According to the SDS-II manual (the HP MCODE development tools back in the days), the 1LG9 chip, which is the HP memory that supports bank switching, bank switching takes place immediately after executing the ENROMx instruction and it is possible to switch banks on the fly to continue execution at the next address in a different bank.

Then why are not banks switched on the fly by old ROMs you might wonder. I think the reason is not due to hardware limitations, but rather limitations in tools. My coming tools (in beta at the moment) has a linker that can deal with placement of banked fragments relative each other based on assembler directives, to allow for switching banks on the fly. I do not think there are similar support in SDS-II, making it quite a bit harder to do it, but probably not impossible.

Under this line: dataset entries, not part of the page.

(* Let $S,T$ be semigroups and $f:S\to T$ a surjective semigroup homomorphism. If $S$ is an inverse semigroup whose semilattice of idempotents $E(S)$ is well-founded, then $T$ is an inverse semigroup whose semilattice of idempotents $E(T)$ is well-founded.
   Context: An inverse semigroup is a semigroup in which every element $a$ has a unique $b$ with $aba=a$ and $bab=b$. Its idempotents $E(S)$ form a commutative subsemigroup (semilattice) ordered by $e\le f$ iff $ef=e$; it is well-founded if every nonempty subset has a minimal element. *)

Definition sg_assoc {S : Type} (m : S -> S -> S) : Prop :=
  forall x y z, m x (m y z) = m (m x y) z.

Definition sg_hom {S T : Type} (mS : S -> S -> S) (mT : T -> T -> T) (f : S -> T) : Prop :=
  forall x y, f (mS x y) = mT (f x) (f y).

Definition is_inverse_semigroup {S : Type} (m : S -> S -> S) : Prop :=
  forall a : S, exists! b : S, m (m a b) a = a /\ m (m b a) b = b.

Definition idempotent {S : Type} (m : S -> S -> S) (e : S) : Prop := m e e = e.

Definition E_le {S : Type} (m : S -> S -> S) (e f : S) : Prop := m e f = e.

Definition E_well_founded {S : Type} (m : S -> S -> S) : Prop :=
  forall A : S -> Prop,
    (exists e, idempotent m e /\ A e) ->
    exists e, idempotent m e /\ A e /\
      forall g, idempotent m g -> A g -> E_le m g e -> g = e.

From Stdlib Require Import Setoid.

(* A semigroup is *regular* if every element has an inverse
   b (aba = a, bab = b); it is inverse iff in addition the inverse is
   unique, and the classical characterisation says: a regular semigroup is
   inverse exactly when its idempotents commute.  We use both directions:
   - in an inverse semigroup, products of idempotents are idempotent and
     idempotents commute;
   - a regular semigroup whose idempotents commute has unique inverses.
   Regularity passes to surjective homomorphic images trivially, and by
   Lallement's lemma every idempotent of the image of a regular semigroup
   is the image of an idempotent; hence idempotents of T commute and T is
   inverse.  Finally a descending chain argument transfers well-foundedness:
   if f g1 <= f g with g minimal, then g1 g <= g is idempotent with the
   same image as g1, so g1 g = g and f g1 = f g. *)

Definition regular {S : Type} (m : S -> S -> S) : Prop :=
  forall a : S, exists b : S, m (m a b) a = a /\ m (m b a) b = b.

Ltac reassoc assoc := repeat rewrite <- assoc.

Lemma inverse_semigroup_regular {S : Type} (m : S -> S -> S) :
  is_inverse_semigroup m -> regular m.
Proof. intros Hinv a. destruct (Hinv a) as [b [Hb _]]. now exists b. Qed.

Section InverseSemigroup.

Variables (S : Type) (m : S -> S -> S).
Hypothesis assoc : sg_assoc m.
Hypothesis inverse : is_inverse_semigroup m.

Lemma inverse_unique a c d :
  m (m a c) a = a /\ m (m c a) c = c ->
  m (m a d) a = a /\ m (m d a) d = d -> c = d.
Proof.
  intros Hc Hd. destruct (inverse a) as [b [_ Hu]].
  now rewrite <- (Hu c Hc), (Hu d Hd).
Qed.

Lemma idempotent_absorb e z : idempotent m e -> m e (m e z) = m e z.
Proof. intro He. now rewrite assoc, He. Qed.

(* E(S) is closed under products: if x is the inverse of ef, then so is
   f x e, which forces x to be idempotent and hence equal to ef *)
Lemma idempotent_mul e f :
  idempotent m e -> idempotent m f -> idempotent m (m e f).
Proof.
  intros He Hf. destruct (inverse (m e f)) as [x [[Hx1 Hx2] _]].
  assert (Hx1' : m e (m f (m x (m e f))) = m e f)
    by (rewrite <- Hx1 at 2; now reassoc assoc).
  assert (Hx2' : m x (m e (m f (m x e))) = m x e).
  { rewrite <- Hx2 at 3. now reassoc assoc. }
  assert (Hx_fxe : x = m f (m x e)).
  { apply (inverse_unique (m e f)); split; auto; reassoc assoc;
      rewrite ?(idempotent_absorb f _ Hf), ?(idempotent_absorb e _ He).
    - exact Hx1'.
    - now rewrite Hx2'. }
  assert (Hxx : idempotent m x).
  { unfold idempotent. rewrite Hx_fxe at 1 2. reassoc assoc.
    now rewrite Hx2', <- Hx_fxe. }
  assert (Hef : m e f = x).
  { apply (inverse_unique x); split; trivial; unfold idempotent in Hxx;
      now rewrite !Hxx. }
  now rewrite Hef.
Qed.

(* idempotents commute: ef and fe are both inverses of the idempotent ef *)
Lemma idempotent_comm e f :
  idempotent m e -> idempotent m f -> m e f = m f e.
Proof.
  intros He Hf.
  pose proof (idempotent_mul e f He Hf) as Hef.
  pose proof (idempotent_mul f e Hf He) as Hfe.
  unfold idempotent in Hef, Hfe.
  assert (Hef' : m e (m f (m e f)) = m e f)
    by (rewrite <- Hef at 2; now reassoc assoc).
  assert (Hfe' : m f (m e (m f e)) = m f e)
    by (rewrite <- Hfe at 2; now reassoc assoc).
  apply (inverse_unique (m e f)); split; try now rewrite !Hef.
  - reassoc assoc.
    now rewrite (idempotent_absorb f _ Hf), (idempotent_absorb e _ He).
  - reassoc assoc.
    now rewrite (idempotent_absorb e _ He), (idempotent_absorb f _ Hf).
Qed.

End InverseSemigroup.

Section CommutingIdempotents.

Variables (T : Type) (m : T -> T -> T).
Hypothesis assoc : sg_assoc m.
Hypothesis idempotent_comm :
  forall u v, idempotent m u -> idempotent m v -> m u v = m v u.

Lemma inverse_product_idempotent a b :
  m (m b a) b = b -> idempotent m (m b a).
Proof. intro Hb. unfold idempotent. now rewrite assoc, Hb. Qed.

(* with commuting idempotents, b = (ba)(ca)b = (ca)(ba)b = cab, and
   symmetrically c = c(ac)(ab) = c(ab)(ac) = cab *)
Lemma inverse_unique_of_comm a b c :
  m (m a b) a = a /\ m (m b a) b = b ->
  m (m a c) a = a /\ m (m c a) c = c -> b = c.
Proof.
  intros [Hb1 Hb2] [Hc1 Hc2].
  pose proof (inverse_product_idempotent a b Hb2) as Eba.
  pose proof (inverse_product_idempotent a c Hc2) as Eca.
  pose proof (inverse_product_idempotent b a Hb1) as Eab.
  pose proof (inverse_product_idempotent c a Hc1) as Eac.
  transitivity (m (m c a) b).
  - transitivity (m (m (m b a) (m c a)) b).
    + rewrite <- Hb2 at 1. rewrite <- Hc1 at 1. now reassoc assoc.
    + rewrite (idempotent_comm _ _ Eba Eca).
      transitivity (m (m c a) (m (m b a) b)); [now reassoc assoc | now rewrite Hb2].
  - symmetry. transitivity (m c (m (m a b) (m a c))).
    + rewrite <- Hc2 at 1. rewrite <- Hb1 at 1. now reassoc assoc.
    + rewrite (idempotent_comm _ _ Eab Eac).
      transitivity (m (m (m c a) c) (m a b)); [now reassoc assoc|].
      rewrite Hc2. now reassoc assoc.
Qed.

Lemma regular_comm_inverse : regular m -> is_inverse_semigroup m.
Proof.
  intros Hreg a. destruct (Hreg a) as [b Hb].
  exists b. split; [exact Hb|].
  intros c Hc. exact (inverse_unique_of_comm a b c Hb Hc).
Qed.

End CommutingIdempotents.

Section SurjectiveImage.

Variables (S T : Type) (mS : S -> S -> S) (mT : T -> T -> T).
Hypothesis assocS : sg_assoc mS.
Variable f : S -> T.
Hypothesis hom : sg_hom mS mT f.
Hypothesis surj : forall t : T, exists s : S, f s = t.

Lemma regular_image : regular mS -> regular mT.
Proof.
  intros Hreg t. destruct (surj t) as [s <-].
  destruct (Hreg s) as [s' [H1 H2]].
  exists (f s'). split; rewrite <- !hom; congruence.
Qed.

(* Lallement's lemma: if f a is idempotent and b is an inverse of a^2,
   then a b a is an idempotent of S mapped to f a *)
Lemma lallement : regular mS ->
  forall a, idempotent mT (f a) -> exists g, idempotent mS g /\ f g = f a.
Proof.
  intros Hreg a Ha. destruct (Hreg (mS a a)) as [b [Hb1 Hb2]].
  exists (mS (mS a b) a). split.
  - unfold idempotent.
    transitivity (mS (mS a (mS (mS b (mS a a)) b)) a); [now reassoc assocS|].
    now rewrite Hb2.
  - transitivity (f (mS (mS (mS a a) b) (mS a a))).
    + rewrite !hom. unfold idempotent in Ha. now rewrite !Ha.
    + now rewrite Hb1, hom.
Qed.

Lemma idempotent_lift : regular mS ->
  forall u, idempotent mT u -> exists g, idempotent mS g /\ f g = u.
Proof.
  intros Hreg u Hu. destruct (surj u) as [a <-]. exact (lallement Hreg a Hu).
Qed.

Lemma idempotent_image g : idempotent mS g -> idempotent mT (f g).
Proof. intro Hg. unfold idempotent. now rewrite <- hom, Hg. Qed.

Hypothesis inverseS : is_inverse_semigroup mS.

(* idempotents of T commute, since they lift to commuting ones of S *)
Lemma image_idempotent_comm :
  forall u v, idempotent mT u -> idempotent mT v -> mT u v = mT v u.
Proof.
  pose proof (inverse_semigroup_regular mS inverseS) as Hreg.
  intros u v Hu Hv.
  destruct (idempotent_lift Hreg u Hu) as [g [Hg <-]].
  destruct (idempotent_lift Hreg v Hv) as [h [Hh <-]].
  now rewrite <- !hom, (idempotent_comm S mS assocS inverseS g h Hg Hh).
Qed.

(* a minimal idempotent g of the preimage of A maps to a minimal element
   of A: if f g1 <= f g then g1 g <= g lies in the preimage, so g1 g = g *)
Lemma E_well_founded_image : E_well_founded mS -> E_well_founded mT.
Proof.
  pose proof (inverse_semigroup_regular mS inverseS) as Hreg.
  intros Hwf A [e0 [He0 HA0]].
  destruct (idempotent_lift Hreg e0 He0) as [g0 [Hg0 Hfg0]].
  destruct (Hwf (fun g => A (f g))) as [g [Hg [HAg Hmin]]].
  { exists g0. split; [exact Hg0 | now rewrite Hfg0]. }
  exists (f g). split; [exact (idempotent_image g Hg)|]. split; [exact HAg|].
  intros u Hu HAu Hle. destruct (idempotent_lift Hreg u Hu) as [g1 [Hg1 <-]].
  unfold E_le in Hle. rewrite <- hom in Hle.
  assert (Hg1g : mS g1 g = g).
  { apply Hmin.
    - exact (idempotent_mul S mS assocS inverseS g1 g Hg1 Hg).
    - now rewrite Hle.
    - unfold E_le. now rewrite <- assocS, Hg. }
  now rewrite <- Hle, Hg1g.
Qed.

End SurjectiveImage.

Theorem mainTheorem14 (S T : Type) (mS : S -> S -> S) (mT : T -> T -> T)
  (HS : sg_assoc mS) (HT : sg_assoc mT)
  (f : S -> T) (Hf : sg_hom mS mT f) (Hsurj : forall t : T, exists s : S, f s = t)
  (Hinv : is_inverse_semigroup mS) (Hwf : E_well_founded mS) :
  is_inverse_semigroup mT /\ E_well_founded mT.
Proof.
  split.
  - apply (regular_comm_inverse T mT HT).
    + exact (image_idempotent_comm S T mS mT HS f Hf Hsurj Hinv).
    + exact (regular_image S T mS mT f Hf Hsurj (inverse_semigroup_regular mS Hinv)).
  - exact (E_well_founded_image S T mS mT HS f Hf Hsurj Hinv Hwf).
Qed.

There are a couple of things with this 1LG9 chip. It requires that the ENROMx instruction to be preceded by an instruction with the highest bit cleared. HP code uses a "GOTO $+1" instruction before any bank switch instruction to ensure this. Also bank switching only takes place in the 1LG9 chip where the ENROMx instruction is fetched from. Having multiple 1LG9 based modules plugged in means that only the one providing the ENROMx instruction will switch bank.

We no longer have the 1LG9 and no ability to program such chips. The current crop of memories (MLDL2000, NEWT and Clonix) support bank switching in a similar, but not identical way. The obvious difference is that these memories provide more pages and can handle multiple modules. To make it mimic 1LG9, MLDL2000 and NEWT defines bank switching to be page 8-9, A-B, C-D and E-F (with some special rules on the low pages). Essentially following the plug-in module addressing scheme. Clonix is different in this, in that it actually bank switch all pages and have no such grouping at all.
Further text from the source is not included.